▶ YOUR ASSIGNMENT
Find the string "replace" in the records. Copy every line it appears in.
====== RECORDS SUPPLIED ======
(* The allocation rule $x$ of the two-bidder auction defined below is monotone (for each $i$ and fixed $v_{-i}$, $v_i\mapsto x_i(v_i,v_{-i})$ is non-decreasing), and the Myerson payments $\pi_i(v)=v_ix_i(v)-\int_0^{v_i}x_i(u,v_{-i})\,du$ satisfy $\pi_i(v)\le 1$ for all $v$ and $i$.
   Context: One divisible good, two bidders with values per unit $v_1,v_2\ge0$ and known budgets $B_1=B_2=1$. The allocation $x(v_1,v_2)=(x_1,x_2)$ is symmetric ($x(v_1,v_2)$ is obtained from $x(v_2,v_1)$ by swapping coordinates) and for $v_1\ge v_2$ is given by the first applicable rule: if $v_1=v_2$, $x=(\frac12,\frac12)$; else if $v_2\le\frac13$, $x=(1,0)$; else if $\frac13\le v_2\le1$, $x=(\frac14+\frac1{4v_2},\frac34-\frac1{4v_2})$; else ($v_2\ge1$) $x=(\frac12,\frac12)$. *)

From Stdlib Require Import Reals Lra.
Open Scope R_scope.

(* Allocation when the first argument is the (weakly) higher value a >= b, a <> b:
   first applicable rule among v2 <= 1/3, 1/3 <= v2 <= 1, v2 >= 1. *)
Definition alloc_ge (a b : R) : R * R :=
  if Rle_dec b (1/3) then (1, 0)
  else if Rle_dec b 1 then (1/4 + 1/(4*b), 3/4 - 1/(4*b))
  else (1/2, 1/2).

Definition alloc (v1 v2 : R) : R * R :=
  if Req_EM_T v1 v2 then (1/2, 1/2)
  else if Rle_dec v2 v1 then alloc_ge v1 v2
  else let p := alloc_ge v2 v1 in (snd p, fst p).

Definition x1 (v1 v2 : R) : R := fst (alloc v1 v2).
Definition x2 (v1 v2 : R) : R := snd (alloc v1 v2).

From Stdlib Require Import Reals Lra FunctionalExtensionality.
From Coquelicot Require Import Coquelicot.
Open Scope R_scope.

(* For a bidder with the lower value t, the allocation rule gives her the
   share  s(t) = 3/4 - 1/(4 c(t)),  where c(t) clamps t into [1/3, 1]; the
   higher bidder receives 1 - s(t), and ties split 1/2 : 1/2.  The function s
   is nondecreasing, takes values in [0, 1/2], equals 1/2 from t = 1 on, and
   is continuous (c is 1-Lipschitz and stays away from 0).  Hence:
   - monotonicity: along v1 = u, bidder 1 first receives s(u) <= 1/2, then 1/2
     at the tie, then the constant 1 - s(v2) >= 1/2;
   - integrability: u |-> x1(u, v2) coincides with the continuous s below v2
     and with a constant above v2;
   - payments: a general bound, for any integrable f with values in [0, 1]
     that is constant on [1, v], gives v f(v) - int_0^v f <= 1, and
     u |-> x1(u, v2) is such a function since it is constant on [1, +oo).
   Bidder 2 is handled by the symmetry x2(v1, u) = x1(u, v1). *)

Definition clamp (t : R) : R := Rmax (1/3) (Rmin t 1).

Lemma clamp_low (t : R) : t <= 1/3 -> clamp t = 1/3.
Proof.
  intro Ht. unfold clamp.
  rewrite Rmin_left by lra. apply Rmax_left; lra.
Qed.

Lemma clamp_mid (t : R) : 1/3 <= t <= 1 -> clamp t = t.
Proof.
  intro Ht. unfold clamp.
  rewrite Rmin_left by lra. apply Rmax_right; lra.
Qed.

Lemma clamp_high (t : R) : 1 <= t -> clamp t = 1.
Proof.
  intro Ht. unfold clamp.
  rewrite Rmin_right by lra. apply Rmax_right; lra.
Qed.

Lemma clamp_range (t : R) : 1/3 <= clamp t <= 1.
Proof.
  destruct (Rle_dec t (1/3)); [rewrite clamp_low by lra; lra|].
  destruct (Rle_dec t 1); [rewrite clamp_mid by lra; lra|].
  rewrite clamp_high by lra; lra.
Qed.

Lemma clamp_mono (s t : R) : s <= t -> clamp s <= clamp t.
Proof.
  intro Hst. unfold clamp.
  apply Rle_max_compat_l, Rle_min_compat_r; exact Hst.
Qed.

Lemma clamp_lipschitz (s t : R) : Rabs (clamp s - clamp t) <= Rabs (s - t).
Proof.
  unfold clamp, Rmax, Rmin.
  repeat destruct Rle_dec; unfold Rabs; repeat destruct Rcase_abs; lra.
Qed.

Lemma clamp_continuous (t : R) : continuity_pt clamp t.
Proof.
  intros eps Heps. exists eps. split; [exact Heps|].
  intros s [_ Hs]. unfold R_dist in *.
  eapply Rle_lt_trans; [apply clamp_lipschitz | exact Hs].
Qed.

(* The share of the bidder with the lower value t (t different from the
   other value); the bidder with the higher value receives 1 - losing_share t. *)
Definition losing_share (t : R) : R := 3/4 - 1/(4 * clamp t).

Lemma alloc_ge_losing_share (a b : R) :
  alloc_ge a b = (1 - losing_share b, losing_share b).
Proof.
  unfold alloc_ge, losing_share.
  destruct (Rle_dec b (1/3)).
  - rewrite clamp_low by lra. f_equal; field.
  - destruct (Rle_dec b 1).
    + rewrite clamp_mid by lra. f_equal; field; lra.
    + rewrite clamp_high by lra. f_equal; field.
Qed.

Lemma losing_share_range (t : R) : 0 <= losing_share t <= 1/2.
Proof.
  unfold losing_share. pose proof (clamp_range t) as Hc.
  assert (Hinv : 1 <= / clamp t <= 3).
  { split.
    - rewrite <- Rinv_1. apply Rinv_le_contravar; lra.
    - replace 3 with (/ (1/3)) by field. apply Rinv_le_contravar; lra. }
  replace (1 / (4 * clamp t)) with (/4 * / clamp t) by (field; lra). lra.
Qed.

Lemma losing_share_mono (s t : R) : s <= t -> losing_share s <= losing_share t.
Proof.
  intro Hst. unfold losing_share.
  pose proof (clamp_range s). pose proof (clamp_mono s t Hst).
  assert (/ clamp t <= / clamp s) by (apply Rinv_le_contravar; lra).
  replace (1 / (4 * clamp s)) with (/4 * / clamp s) by (field; lra).
  replace (1 / (4 * clamp t)) with (/4 * / clamp t)
    by (pose proof (clamp_range t); field; lra).
  lra.
Qed.

Lemma losing_share_high (t : R) : 1 <= t -> losing_share t = 1/2.
Proof. intro Ht. unfold losing_share. rewrite clamp_high by lra. field. Qed.

Lemma losing_share_continuous (t : R) : continuity_pt losing_share t.
Proof.
  unfold losing_share, Rdiv.
  apply continuity_pt_minus; [apply continuity_pt_const; intros ? ?; reflexivity|].
  apply continuity_pt_mult; [apply continuity_pt_const; intros ? ?; reflexivity|].
  apply (continuity_pt_inv (fun s => 4 * clamp s)).
  - apply continuity_pt_scal, clamp_continuous.
  - pose proof (clamp_range t). lra.
Qed.

Lemma x1_losing (u v2 : R) : u < v2 -> x1 u v2 = losing_share u.
Proof.
  intro H. unfold x1, alloc.
  destruct (Req_EM_T u v2); [lra|].
  destruct (Rle_dec v2 u); [lra|].
  rewrite alloc_ge_losing_share. reflexivity.
Qed.

Lemma x1_tie (u v2 : R) : u = v2 -> x1 u v2 = 1/2.
Proof.
  intro H. unfold x1, alloc.
  destruct (Req_EM_T u v2); [reflexivity|lra].
Qed.

Lemma x1_winning (u v2 : R) : v2 < u -> x1 u v2 = 1 - losing_share v2.
Proof.
  intro H. unfold x1, alloc.
  destruct (Req_EM_T u v2); [lra|].
  destruct (Rle_dec v2 u); [|lra].
  rewrite alloc_ge_losing_share. reflexivity.
Qed.

Lemma x2_x1 (v1 u : R) : x2 v1 u = x1 u v1.
Proof.
  unfold x1, x2, alloc.
  destruct (Req_EM_T v1 u); destruct (Req_EM_T u v1); try reflexivity; try lra.
  destruct (Rle_dec u v1); destruct (Rle_dec v1 u); try lra; reflexivity.
Qed.

Lemma x1_range (u v2 : R) : 0 <= x1 u v2 <= 1.
Proof.
  pose proof (losing_share_range u) as Hu. pose proof (losing_share_range v2) as Hv2.
  destruct (Rtotal_order u v2) as [H|[H|H]].
  - rewrite x1_losing by exact H. lra.
  - rewrite x1_tie by exact H. lra.
  - rewrite x1_winning by exact H. lra.
Qed.

Lemma x1_mono (v2 a b : R) : a <= b -> x1 a v2 <= x1 b v2.
Proof.
  intro Hab.
  pose proof (losing_share_range a). pose proof (losing_share_range v2).
  destruct (Rtotal_order b v2) as [Hb|[Hb|Hb]].
  - rewrite !x1_losing by lra. apply losing_share_mono; exact Hab.
  - rewrite (x1_tie b) by exact Hb.
    destruct (Req_dec a v2); [rewrite x1_tie by assumption | rewrite x1_losing by lra]; lra.
  - rewrite (x1_winning b) by exact Hb.
    destruct (Rtotal_order a v2) as [Ha|[Ha|Ha]].
    + rewrite x1_losing by exact Ha. lra.
    + rewrite x1_tie by exact Ha. lra.
    + rewrite x1_winning by exact Ha. lra.
Qed.

Lemma x1_high (u v2 : R) : 1 <= u -> x1 u v2 = 1 - losing_share v2.
Proof.
  intro Hu. destruct (Rtotal_order u v2) as [H|[H|H]].
  - rewrite x1_losing, !losing_share_high by lra. lra.
  - rewrite x1_tie, losing_share_high by lra. lra.
  - apply x1_winning; exact H.
Qed.

Lemma ex_RInt_agree_continuous (f g : R -> R) (a b : R) : a <= b ->
  (forall x, a < x < b -> g x = f x) ->
  (forall x, a <= x <= b -> continuity_pt g x) -> ex_RInt f a b.
Proof.
  intros Hab Hagree Hcont.
  apply (ex_RInt_ext g).
  - intros x Hx. rewrite Rmin_left, Rmax_right in Hx by lra. apply Hagree; exact Hx.
  - apply ex_RInt_Reals_1, continuity_implies_RiemannInt; assumption.
Qed.

(* u |-> x1(u, v2) is losing_share before min(v, v2) and constant after. *)
Lemma x1_ex_RInt (v v2 : R) : 0 <= v -> 0 <= v2 -> ex_RInt (fun u => x1 u v2) 0 v.
Proof.
  intros Hv Hv2. set (m := Rmin v v2).
  assert (Hm : 0 <= m <= v) by (split; [apply Rmin_glb | apply Rmin_l]; lra).
  apply (ex_RInt_Chasles_0 _ 0 m v Hm).
  - apply (ex_RInt_agree_continuous _ losing_share); [lra| |].
    + intros x Hx. symmetry. apply x1_losing.
      pose proof (Rmin_r v v2) as Hmv2. fold m in Hmv2. lra.
    + intros x _. apply losing_share_continuous.
  - apply (ex_RInt_agree_continuous _ (fun _ => 1 - losing_share v2)); [lra| |].
    + intros x Hx. symmetry. apply x1_winning.
      unfold m, Rmin in Hx. destruct (Rle_dec v v2); lra.
    + intros x _. apply continuity_pt_const. intros ? ?; reflexivity.
Qed.

Lemma payment_le_one (f : R -> R) (v : R) : 0 <= v -> ex_RInt f 0 v ->
  (forall u, 0 <= u <= v -> 0 <= f u <= 1) ->
  (forall u, 1 <= u <= v -> f u = f v) ->
  v * f v - RInt f 0 v <= 1.
Proof.
  intros Hv Hint Hrange Hconst.
  pose proof (Hrange v (conj Hv (Rle_refl v))) as Hfv.
  destruct (Rle_dec v 1) as [Hle|Hgt].
  - assert (0 <= RInt f 0 v) by (apply RInt_ge_0; auto; intros; apply Hrange; lra).
    nra.
  - assert (Hsplit : RInt f 0 v = RInt f 0 1 + RInt f 1 v).
    { symmetry. apply (RInt_Chasles f 0 1 v).
      - apply (ex_RInt_Chasles_1 f 0 1 v); [lra | exact Hint].
      - apply (ex_RInt_Chasles_2 f 0 1 v); [lra | exact Hint]. }
    assert (Hhead : 0 <= RInt f 0 1).
    { apply RInt_ge_0; [lra| |intros; apply Hrange; lra].
      apply (ex_RInt_Chasles_1 f 0 1 v); [lra | exact Hint]. }
    assert (Htail : RInt f 1 v = (v - 1) * f v).
    { rewrite (RInt_ext f (fun _ => f v)).
      - rewrite RInt_const. reflexivity.
      - intros x Hx. rewrite Rmin_left, Rmax_right in Hx by lra. apply Hconst; lra. }
    lra.
Qed.

Lemma x1_payment (v1 v2 : R) (pr : Riemann_integrable (fun u => x1 u v2) 0 v1) :
  0 <= v1 -> 0 <= v2 -> v1 * x1 v1 v2 - RiemannInt pr <= 1.
Proof.
  intros Hv1 Hv2. rewrite <- RInt_Reals.
  apply (payment_le_one (fun u => x1 u v2)); [exact Hv1 | apply x1_ex_RInt; assumption | |].
  - intros u _. apply x1_range.
  - intros u Hu. rewrite !x1_high by lra. reflexivity.
Qed.

Theorem mainTheorem11 :
  (forall v2 a b : R, 0 <= v2 -> 0 <= a -> a <= b -> x1 a v2 <= x1 b v2) /\
  (forall v1 a b : R, 0 <= v1 -> 0 <= a -> a <= b -> x2 v1 a <= x2 v1 b) /\
  (forall v1 v2 : R, 0 <= v1 -> 0 <= v2 ->
     inhabited (Riemann_integrable (fun u => x1 u v2) 0 v1) /\
     (forall pr : Riemann_integrable (fun u => x1 u v2) 0 v1,
        v1 * x1 v1 v2 - RiemannInt pr <= 1)) /\
  (forall v1 v2 : R, 0 <= v1 -> 0 <= v2 ->
     inhabited (Riemann_integrable (fun u => x2 v1 u) 0 v2) /\
     (forall pr : Riemann_integrable (fun u => x2 v1 u) 0 v2,
        v2 * x2 v1 v2 - RiemannInt pr <= 1)).
Proof.
  split; [|split; [|split]].
  - intros v2 a b _ _ Hab. apply x1_mono; exact Hab.
  - intros v1 a b _ _ Hab. rewrite !x2_x1. apply x1_mono; exact Hab.
  - intros v1 v2 Hv1 Hv2. split.
    + constructor. apply ex_RInt_Reals_0, x1_ex_RInt; assumption.
    + intro pr. apply x1_payment; assumption.
  - intros v1 v2 Hv1 Hv2.
    assert (Hswap : (fun u => x2 v1 u) = (fun u => x1 u v1)).
    { apply functional_extensionality. intro u. apply x2_x1. }
    rewrite Hswap, x2_x1. split.
    + constructor. apply ex_RInt_Reals_0, x1_ex_RInt; assumption.
    + intro pr. apply x1_payment; assumption.
Qed.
======
▶ SOLUTION
    - replace 3 with (/ (1/3)) by field. apply Rinv_le_contravar; lra. }
  replace (1 / (4 * clamp t)) with (/4 * / clamp t) by (field; lra). lra.
  replace (1 / (4 * clamp s)) with (/4 * / clamp s) by (field; lra).
  replace (1 / (4 * clamp t)) with (/4 * / clamp t)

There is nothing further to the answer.